Objective: This review was aimed to critically evaluate observational, cohort, and case-control studies performed so far in order to assess the association between endometriosis and malignant diseases. Based on the observations herein presented, clinical indications that might avoid physicians' mismanaging of affected patients are proposed.
Methods: Search strategies included online searching of the MEDLINE database and hand searching of relevant publications and reviews. Additional reports were collected by systematically reviewing all references from retrieved papers.

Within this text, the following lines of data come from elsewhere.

(* Let $X$ be a real Banach space, let $K\subseteq X$ be closed and nonempty, let $x\in X\setminus K$, and let $\overline{x}\in K$ be a nearest point to $x$ in $K$ (i.e. $\|x-\overline{x}\|=d_K(x)$). If the norm of $X$ is Gateaux differentiable at $x-\overline{x}$ and $d_{K}^{-}(x;x-\overline{x})=d_{K}(x)$, then $d_{K}$ is Gateaux differentiable at $x$.
   Context: For a nonempty subset $K$ of a real Banach space $(X,\|\cdot\|)$, $d_{K}(x)=\inf\{\|x-v\|: v\in K\}$. For $x,y\in X$, $d_{K}^{-}(x;y)=\liminf_{t\to 0^{+}}\frac{d_{K}(x+ty)-d_{K}(x)}{t}$. A function $f:X\to\mathbb{R}$ is Gateaux differentiable at $x$ if there is $A\in X^{*}$ with $A(y)=\lim_{t\to 0}\frac{f(x+ty)-f(x)}{t}$ for all $y\in X$; the norm is Gateaux differentiable at a nonzero $u$ if $v\mapsto\|v\|$ is Gateaux differentiable at $u$. *)

From HB Require Import structures.
From mathcomp Require Import all_boot all_order all_algebra.
From mathcomp Require Import all_classical all_reals all_analysis.
Set Implicit Arguments. Unset Strict Implicit. Unset Printing Implicit Defensive.
Import Order.TTheory GRing.Theory Num.Theory.
Import numFieldNormedType.Exports.
Local Open Scope classical_set_scope.
Local Open Scope ring_scope.

Definition distK {R : realType} {X : normedModType R} (K : set X) (x : X) : R :=
  inf [set `|x - v| | v in K].

Definition distK_lower_dir {R : realType} {X : normedModType R}
    (K : set X) (x y : X) : \bar R :=
  limf_einf (fun t : R => ((distK K (x + t *: y) - distK K x) / t)%:E) (0%R)^'+.

Definition gateaux_differentiable {R : realType} {X : normedModType R}
    (f : X -> R) (x : X) : Prop :=
  exists A : X -> R,
    (forall (a : R) (u v : X), A (a *: u + v) = a * A u + A v) /\
    continuous A /\
    forall y : X, (fun t : R => (f (x + t *: y) - f x) / t) @ (0%R)^' --> A y.

From HB Require Import structures.
From mathcomp Require Import all_boot all_order all_algebra.
From mathcomp Require Import all_classical all_reals all_analysis.
From mathcomp Require Import lra.
Import Order.TTheory GRing.Theory Num.Theory.
Import numFieldNormedType.Exports.
Local Open Scope classical_set_scope.
Local Open Scope ring_scope.

(* Put u := x - xbar, d := `|u| = d_K(x), and let A be the Gateaux derivative
   of the norm at u; A is also the derivative of d_K at x.  From above,
   d_K(x + t y) <= `|u + t y| = d + t A y + o(t).  From below, write t = s l
   with s = |t| / eps > 0 and |l| = eps for one fixed small eps.  Since d_K is
   1-Lipschitz, d_K(x + s u) <= d_K(x + t y) + s `|u - l y|; the hypothesis
   d_K^-(x; u) = d gives d_K(x + s u) >= d + s d - o(s), while differentiability
   of the norm at the two points l = +-eps gives `|u - l y| <= d - l A y + eps e.
   Multiplying by s, d_K(x + t y) >= d + t A y - 2 e |t| - o(t). *)

Lemma cvg_quotient_dnbhs0P {R : realFieldType} {f : R -> R} {a : R} :
  (fun t => f t / t) @ 0^' --> a <->
  forall e, 0 < e -> \forall t \near 0^', `|f t - t * a| <= e * `|t|.
Proof.
have quotE t : t != 0 -> `|a - f t / t| = `|f t - t * a| / `|t|.
  by move=> t0; rewrite -normfV -normrM mulrBl [t * a]mulrC mulfK // distrC.
rewrite cvgrPdist_le; split=> + e e0 => /(_ e e0) near_e.
- near=> t; have t0 : t != 0 by near: t; exact: nbhs_dnbhs_neq.
  by rewrite -ler_pdivrMr ?normr_gt0 // -quotE //; near: t.
- near=> t; have t0 : t != 0 by near: t; exact: nbhs_dnbhs_neq.
  by rewrite quotE // ler_pdivrMr ?normr_gt0 //; near: t.
Unshelve. all: by end_near. Qed.

Lemma near_at_right0_normr_div {R : realFieldType} {P : R -> Prop} {c : R} :
  0 < c -> (\forall s \near (0 : R)^'+, P s) -> \forall t \near (0 : R)^', P (`|t| / c).
Proof.
move=> c0 /nbhs_ballP [r r0 Pr]; apply/nbhs_ballP.
exists (r * c); first exact: mulr_gt0.
move=> t; rewrite /ball /= !sub0r !normrN => tr t0.
apply: Pr; last by rewrite divr_gt0 ?normr_gt0.
by rewrite /ball /= sub0r normrN normrM normr_id normfV (gtr0_norm c0) ltr_pdivrMr.
Qed.

Lemma limf_einf_gt {R : realType} {T : choiceType} {X : filteredType T}
    {F : set_system X} {FF : Filter F} {f : X -> \bar R} {a : \bar R} :
  (a < limf_einf f F)%E -> \forall s \near F, (a < f s)%E.
Proof.
rewrite limf_einfE => /ereal_sup_gt [_ [V FV <-]] aV.
apply: filterS FV => s Vs; apply: (lt_le_trans aV).
by apply: ereal_inf_lbound; exists s.
Qed.

Lemma linear_functional_oppr {R : ringType} {X : lmodType R} {A : X -> R} :
  (forall (a : R) (u v : X), A (a *: u + v) = a * A u + A v) ->
  forall y, A (- y) = - A y.
Proof.
move=> Alin y; have A0 : A 0 = 0.
  have := Alin 1 0 0; rewrite scaler0 add0r mul1r => A0D.
  by apply: (addrI (A 0)); rewrite -A0D addr0.
by rewrite -scaleN1r -[_ *: y]addr0 Alin A0 addr0 mulN1r.
Qed.

Section distance_function.
Context {R : realType} {X : normedModType R} {K : set X}.

Lemma distK_le_norm (z : X) {v : X} : K v -> distK K z <= `|z - v|.
Proof.
move=> Kv; apply: ge_inf; last by exists v.
by exists 0 => _ [w _ <-]; exact: normr_ge0.
Qed.

Lemma distK_lipschitz (a b : X) : K !=set0 -> distK K a <= distK K b + `|a - b|.
Proof.
move=> [v Kv]; rewrite -lerBlDr; apply: lb_le_inf; first by exists `|b - v|, v.
move=> _ [w Kw <-]; rewrite lerBlDr [_ + `|a - b|]addrC.
apply: (le_trans (distK_le_norm a Kw)).
have -> : a - w = (a - b) + (b - w) by rewrite addrA subrK.
exact: ler_normD.
Qed.

Lemma distK_scale_le (z v w : X) (s : R) : K !=set0 -> 0 <= s ->
  distK K (z + s *: v) <= distK K (z + s *: w) + s * `|v - w|.
Proof.
move=> K0 s0; rewrite -[s in s * _]ger0_norm // -normrZ scalerBr.
have -> : s *: v - s *: w = z + s *: v - (z + s *: w).
  by rewrite opprD addrACA subrr add0r.
exact: distK_lipschitz.
Qed.

End distance_function.

Section nearest_point.
Context {R : realType} {X : normedModType R} {K : set X} {x xbar : X} {A : X -> R}.
Hypotheses (Kxbar : K xbar) (xbar_nearest : `|x - xbar| = distK K x).
Hypothesis norm_quotient :
  forall y, (fun t => (`|x - xbar + t *: y| - `|x - xbar|) / t) @ 0^' --> A y.

Lemma distK_quotient_upper (y : X) (e : R) : 0 < e ->
  \forall t \near 0^', distK K (x + t *: y) - distK K x - t * A y <= e * `|t|.
Proof.
move=> e0; have /cvg_quotient_dnbhs0P/(_ e e0) := norm_quotient y.
apply: filterS => t; rewrite xbar_nearest ler_norml => /andP [_ norm_le].
have := distK_le_norm (x + t *: y) Kxbar; rewrite addrAC; lra.
Qed.

Hypothesis A_oppr : forall y, A (- y) = - A y.
Hypothesis lower_dir : distK_lower_dir K x (x - xbar) = (distK K x)%:E.

Lemma distK_quotient_lower (y : X) (e : R) : 0 < e ->
  \forall t \near 0^', t * A y - (distK K (x + t *: y) - distK K x) <= e * `|t|.
Proof.
move=> e0; set d := distK K x; set u := x - xbar.
have e20 : 0 < e / 2 by rewrite divr_gt0.
have /cvg_quotient_dnbhs0P/(_ _ e20)/nbhs_ballP [r /= r0 norm_near] :=
  norm_quotient (- y).
set eps := r / 2.
have eps0 : 0 < eps by rewrite divr_gt0.
have ray : \forall s \near 0^'+, d - eps * (e / 2) < (distK K (x + s *: u) - d) / s.
  have : ((d - eps * (e / 2))%:E < distK_lower_dir K x u)%E.
    by rewrite lower_dir lte_fin gtrDl oppr_lt0 mulr_gt0.
  by move/limf_einf_gt; apply: filterS => s; rewrite lte_fin.
near=> t.
have ray_t : d - eps * (e / 2) <
    (distK K (x + (`|t| / eps) *: u) - d) / (`|t| / eps).
  by near: t; exact: near_at_right0_normr_div eps0 ray.
have t0 : t != 0 by near: t; exact: nbhs_dnbhs_neq.
set s := `|t| / eps in ray_t *.
have s0 : 0 < s by rewrite divr_gt0 ?normr_gt0.
set l := t / s.
have s_l : s * l = t by rewrite /l mulrC divfK ?gt_eqF.
have s_eps : s * eps = `|t| by rewrite /s divfK ?gt_eqF.
have l_eps : `|l| = eps.
  by apply: (mulfI (lt0r_neq0 s0)); rewrite -{1}(gtr0_norm s0) -normrM s_l s_eps.
clearbody l s.
have lip : distK K (x + s *: u) <= distK K (x + t *: y) + s * `|u - l *: y|.
  rewrite -s_l -scalerA; apply: distK_scale_le (ltW s0).
  by exists xbar.
have l0 : l != 0 by rewrite -normr_eq0 l_eps gt_eqF.
have eps_r : eps < r by rewrite /eps; lra.
have := norm_near l; rewrite /ball /= sub0r normrN l_eps => /(_ eps_r l0).
rewrite -/u xbar_nearest -/d A_oppr scalerN ler_norml => /andP [_ norm_le].
have norm_s : s * `|u - l *: y| <= s * d - t * A y + e / 2 * `|t|.
  by rewrite -s_eps -s_l; nra.
have ray_s : s * d - e / 2 * `|t| < distK K (x + s *: u) - d.
  by rewrite -s_eps; move: ray_t; rewrite ltr_pdivlMr //; lra.
lra.
Unshelve. all: by end_near. Qed.

End nearest_point.

Theorem corollary2 (R : realType) (X : completeNormedModType R)
  (K : set X) (x xbar : X) :
  closed K -> K !=set0 -> ~ K x ->
  K xbar -> `|x - xbar| = distK K x ->
  gateaux_differentiable (fun v : X => `|v|) (x - xbar) ->
  distK_lower_dir K x (x - xbar) = (distK K x)%:E ->
  gateaux_differentiable (distK K) x.
Proof.
move=> _ _ _ Kxbar xbar_nearest [A [Alin [Acont norm_quotient]]] lower_dir.
exists A; do 2!split => //.
move=> y; apply/cvg_quotient_dnbhs0P => e e0.
have A_oppr := linear_functional_oppr Alin.
move: (distK_quotient_upper Kxbar xbar_nearest norm_quotient y e e0)
  (distK_quotient_lower Kxbar xbar_nearest norm_quotient A_oppr lower_dir y e e0).
apply: filterS2 => t upper lower.
by rewrite ler_norml; apply/andP; split; lra.
Qed.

Results: Endometriosis is not associated with an increased risk of cancer in general. Data from large cohort and case-control studies indicate an increased risk of ovarian cancers in women with endometriosis. The observed effect sizes are modest varying between 1.3 and 1.9. Evidence from clinical series consistently demonstrates that the association is confined to the endometrioid/clear-cell histotypes. Available studies are characterized by several limitations, some of which potentially bias results towards the null hypothesis whereas others leading to overestimate the association. Evidence for an association with melanoma and non-Hodgkin's lymphoma is increasing but still to be verified whereas an increased risk for other gynecological cancer types is not supported.
Conclusions: Epidemiological findings on the association between endometriosis and cancer are still elusive. At present, endometriosis should not be considered a medical condition associated with a clinically relevant risk of any specific cancer. On the basis of the present findings, modifications of the standard treatment options for the disease are not justifiable.